Characterization of ERα Signaling to Cell Proliferation Induced by Chronic and Pulsatile E2 Stimulation in 2D and 3D Cell Cultures.

ABSTRACT

17ß-estradiol is a hormone that plays a vital role in human physiology. It acts through estrogen receptors, specifically estrogen receptor α and estrogen receptor ß, and its action is determined by the pulsatile secretion in the bloodstream. 17ß-estradiol affects cell proliferation, and dysregulation of 17ß-estradiolestrogen receptor α signaling contribute to the development of breast cancer. Previous research on 17ß-estradiolestrogen receptor α signaling has primarily used two-dimensional cell cultures, which do not fully recapitulate the complexity of tumors that exist in a three-dimensional environment and do not consider the pulsatile nature of this hormone. To address these limitations, we studied 17ß-estradiolestrogen receptor α signaling in cell proliferation using both two-dimensional and three-dimensional breast cancer cell culture models under continuous and pulsatile stimulation conditions.

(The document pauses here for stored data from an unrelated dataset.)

(* When the two cancellations share a letter, their results differ only by
   which of two equal letters was deleted, hence are shuffle-equivalent. *)
Lemma cancel_cancel_overlap x i j k : cancellable x i j -> cancellable x k (k + 1) ->
  k + 1 = i \/ k = i \/ k + 1 = j \/ k = j ->
  joinable (del2 dummy i j x) (del2 dummy k (k + 1) x).
Proof.
  intros (Hij & Hj & Hx & Hb) (_ & Hk & Hy & _) Hov.
  destruct Hov as [<- | [-> | [<- | <-]]].
  - exists (del2 dummy k (k + 1) x); split; [|apply rt_refl]; apply shuffle_reduces.
    replace (del2 dummy (k + 1) j x) with (del1 dummy (j - 1) (del1 dummy (k + 1) x))
      by reindex_eq.
    replace (del2 dummy k (k + 1) x) with (del1 dummy k (del1 dummy (k + 1) x))
      by reindex_eq.
    apply del1_shuffle; unfold del1; rewrite ?reindex_length; try lia.
    + simpl_nth; case_idx; try lia; replace (j - 1 + 1) with j by lia.
      rewrite Hx, Hy, inverse_involutive; auto.
    + intros n Hn1 Hn2; simpl_nth; case_idx; try lia.
      replace (nth k x dummy) with (inverse (nth (k + 1) x dummy))
        by (rewrite Hy, inverse_involutive; auto).
      apply commuting_inverse, Hb; lia.
  - destruct (Nat.eq_dec j (i + 1)) as [->|Hji].
    { exists (del2 dummy i (i + 1) x); split; apply rt_refl. }
    exists (del2 dummy i (i + 1) x); split; [|apply rt_refl]; apply shuffle_reduces.
    replace (del2 dummy i j x) with (del1 dummy (j - 1) (del1 dummy i x)) by reindex_eq.
    replace (del2 dummy i (i + 1) x) with (del1 dummy i (del1 dummy i x)) by reindex_eq.
    apply del1_shuffle; unfold del1; rewrite ?reindex_length; try lia.
    + simpl_nth; case_idx; try lia; replace (j - 1 + 1) with j by lia.
      rewrite Hx, Hy; auto.
    + intros n Hn1 Hn2; simpl_nth; case_idx; try lia.
      rewrite Hy; apply commuting_inverse, Hb; lia.
  - destruct (Nat.eq_dec k i) as [->|Hki].
    { exists (del2 dummy i (i + 1) x); split; apply rt_refl. }
    exists (del2 dummy i (k + 1) x); split; [apply rt_refl|]; apply shuffle_reduces.
    replace (del2 dummy i (k + 1) x) with (del1 dummy i (del1 dummy (k + 1) x))
      by reindex_eq.
    replace (del2 dummy k (k + 1) x) with (del1 dummy k (del1 dummy (k + 1) x))
      by reindex_eq.
    apply del1_shuffle; unfold del1; rewrite ?reindex_length; try lia.
    + simpl_nth; case_idx; try lia; apply inverse_inj; rewrite <- Hx, Hy; auto.
    + intros n Hn1 Hn2; simpl_nth; case_idx; try lia; apply Hb; lia.
  - exists (del2 dummy i k x); split; [apply rt_refl|]; apply shuffle_reduces.
    replace (del2 dummy i k x) with (del1 dummy i (del1 dummy k x)) by reindex_eq.
    replace (del2 dummy k (k + 1) x) with (del1 dummy k (del1 dummy k x)) by reindex_eq.
    apply del1_shuffle; unfold del1; rewrite ?reindex_length; try lia.
    + simpl_nth; case_idx; try lia; rewrite Hy, Hx, inverse_involutive; auto.
    + intros n Hn1 Hn2; simpl_nth; case_idx; try lia; apply Hb; lia.
Qed.

Lemma far_cancel_cancel x z x' : far_cancel x z -> cancel_step x x' -> joinable z x'.
Proof.
  intros (i & j & Hc & ->) (k & Hk & ->).
  assert (Hij : i < j) by apply Hc.
  assert (Hcase : (k + 1 < i \/ (i < k /\ k + 1 < j) \/ j < k) \/
                  (k + 1 = i \/ k = i \/ k + 1 = j \/ k = j)) by lia.
  destruct Hcase; [apply cancel_cancel_disjoint | apply cancel_cancel_overlap]; auto.
Qed.

Lemma cancel_step_far w w' : cancel_step w w' -> far_cancel w w'.
Proof. intros (i & Hc & ->); exists i, (i + 1); auto. Qed.

Lemma reduces_first_cancel w a : reduces w a ->
  shuffle w a \/ exists w1 w2, shuffle w w1 /\ cancel_step w1 w2 /\ reduces w2 a.
Proof.
  intros H; apply clos_rt_rt1n in H.
  induction H as [|w y a Hstep Hya IH]; [left; apply rt_refl|].
  destruct Hstep as [Hs|Hc].
  - destruct IH as [IH|(w1 & w2 & H1 & H2 & H3)].
    + left; eapply rt_trans; [apply rt_step|]; eauto.
    + right; exists w1, w2; repeat split; auto; eapply rt_trans; [apply rt_step|]; eauto.
  - right; exists w, y; repeat split; [apply rt_refl | auto | apply clos_rt1n_rt, Hya].
Qed.

(* Confluence of reduction (Newman's lemma modulo shuffling), by induction on
   the length of the common ancestor: two reductions starting with shuffles
   and cancellations are brought together by moving the first cancellation of
   one across the shuffle of the other and joining the two cancellations. *)
Lemma confluence w a b : reduces w a -> reduces w b -> joinable a b.
Proof.
  remember (length w) as n eqn:En; revert w a b En.
  induction n as [n IH] using lt_wf_ind; intros w a b En Ha Hb; subst n.
  destruct (reduces_first_cancel _ _ Ha) as [Ha'|(w1 & w1' & Hw1 & Hc1 & Hr1)].
  { exists b; split; [|apply rt_refl].
    eapply rt_trans; [apply shuffle_reduces, shuffle_sym; eauto | auto]. }
  destruct (reduces_first_cancel _ _ Hb) as [Hb'|(x & x' & Hx & Hc2 & Hr2)].
  { exists a; split; [apply rt_refl|].
    eapply rt_trans; [apply shuffle_reduces, shuffle_sym; eauto | auto]. }
  assert (Hw1x : shuffle w1 x) by (eapply rt_trans; [apply shuffle_sym; eauto | auto]).
  destruct (far_cancel_shuffle _ _ Hw1x _ (cancel_step_far _ _ Hc1)) as (z & Hz & Hsz).
  destruct (far_cancel_cancel _ _ _ Hz Hc2) as (v & Hv1 & Hv2).
  pose proof (cancel_step_length _ _ Hc1); pose proof (cancel_step_length _ _ Hc2).
  pose proof (shuffle_length _ _ Hw1); pose proof (shuffle_length _ _ Hx).
  destruct (IH (length w1') ltac:(lia) w1' a v eq_refl Hr1
              (rt_trans _ _ _ _ _ (shuffle_reduces _ _ Hsz) Hv1)) as (p & Hp1 & Hp2).
  destruct (IH (length x') ltac:(lia) x' b p eq_refl Hr2 (rt_trans _ _ _ _ _ Hv2 Hp2))
    as (q & Hq1 & Hq2).
  exists q; split; auto; eapply rt_trans; eauto.
Qed.

Lemma raag_eq_joinable w1 w2 : raag_eq GS w1 w2 -> joinable w1 w2.
Proof.
  induction 1 as [w|w1 w2 _ [v [H1 H2]]|w1 w2 w3 _ [v1 [H1 H2]] _ [v2 [H3 H4]]
                 |u v s b|u v s t b c Hst].
  - exists w; split; apply rt_refl.
  - exists v; auto.
  - destruct (confluence w2 v1 v2 H2 H3) as (p & Hp1 & Hp2).
    exists p; split; eapply rt_trans; eauto.
  - exists (u ++ v); split; [|apply rt_refl].
    rewrite <- (del2_app dummy u (s, b) (s, negb b) v).
    apply cancel_reduces; repeat split; rewrite ?length_app; simpl; try lia.
    rewrite !nth_app_pair; case_idx; try lia; auto.
  - exists (u ++ (t, c) :: (s, b) :: v); split; [|apply rt_refl].
    apply rt_step; left; exists (length u); rewrite swap_at_app; split; auto.
    split; [rewrite length_app; simpl; lia|].
    rewrite !nth_app_pair; case_idx; try lia; exact Hst.
Qed.

End WordProblem.

Arguments dummy {G}. Arguments inverse {G}. Arguments commuting {G}.
Arguments reduce_step {G}. Arguments reduces {G}.

Section GroupFacts.
Context {G : Group}.

Lemma gmulK (x y : G) : gmul (gmul x y) (ginv y) = x.
Proof. rewrite <- gmulA, gmulVr, gmul1r; auto. Qed.

Lemma gmulVK (x y : G) : gmul (gmul x (ginv y)) y = x.
Proof. rewrite <- gmulA, gmulVl, gmul1r; auto. Qed.

Lemma gmulKl (a x : G) : gmul (ginv a) (gmul a x) = x.
Proof. rewrite gmulA, gmulVl, gmul1l; auto. Qed.

Lemma gmulKVl (a x : G) : gmul a (gmul (ginv a) x) = x.
Proof. rewrite gmulA, gmulVr, gmul1l; auto. Qed.

Lemma ginv_unique (a b : G) : gmul a b = gone -> b = ginv a.
Proof. intros H; rewrite <- (gmulKl a b), H, gmul1r; auto. Qed.

Lemma ginv_involutive (a : G) : ginv (ginv a) = a.
Proof. symmetry; apply ginv_unique, gmulVl. Qed.

Lemma ginv_gmul (a b : G) : ginv (gmul a b) = gmul (ginv b) (ginv a).
Proof.
  symmetry; apply ginv_unique.
  rewrite <- gmulA, (gmulA _ b), gmulVr, gmul1l, gmulVr; auto.
Qed.

(* The group element by which an edge labelled (s, b) moves its source. *)
Definition signed (s : G) (b : bool) : G := if b then s else ginv s.

Lemma signed_cancel (s V : G) b : gmul (signed s (negb b)) (gmul (signed s b) V) = V.
Proof. destruct b; simpl; [apply gmulKl | apply gmulKVl]. Qed.

End GroupFacts.

Lemma last_cons {X} (l : list X) (B a : X) : last (B :: l) a = last l B.
Proof.
  revert B a; induction l as [|c l IH]; intros B a; auto.
  change (last (B :: c :: l) a) with (last (c :: l) a); rewrite !IH; auto.
Qed.

Lemma cons_app_last {X} (A : X) l1 x :
  A :: l1 ++ x = removelast (A :: l1) ++ last l1 A :: x.
Proof.
  rewrite app_comm_cons, (app_removelast_last A (l := A :: l1)) at 1 by discriminate.
  rewrite last_cons, <- app_assoc; auto.
Qed.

Results revealed that breast cancer cells grown in an alginate-based three-dimensional matrix exhibited similar responsiveness to 17ß-estradiol compared with cells grown in conventional two-dimensional culture plates. 17ß-estradiol induced the expression of proteins containing estrogen response element in the three-dimensional model. The efficacy of the antiestrogen drugs fulvestrant (ICI182,280) and 4OH-tamoxifen was also demonstrated in the three-dimensional model. These results support the use of the three-dimensional culture model for studying tumor response to drugs and provide a more realistic microenvironment for such studies. Furthermore, the study revealed that a brief 5-min exposure to 17ß-estradiol triggered a physiological response comparable with continuous hormone exposure, suggesting that the cellular response to 17ß-estradiol is more important than the continuous presence of the hormone. In conclusion, the study demonstrates that the alginate-based three-dimensional culture model is suitable for studying the effects of 17ß-estradiol and antiestrogen drugs on breast cancer cells, offering a more realistic representation of tumor-microenvironment interactions. The results also highlight the importance of considering the physiological importance of the temporal dynamics in studying 17ß-estradiol signaling and cellular responses.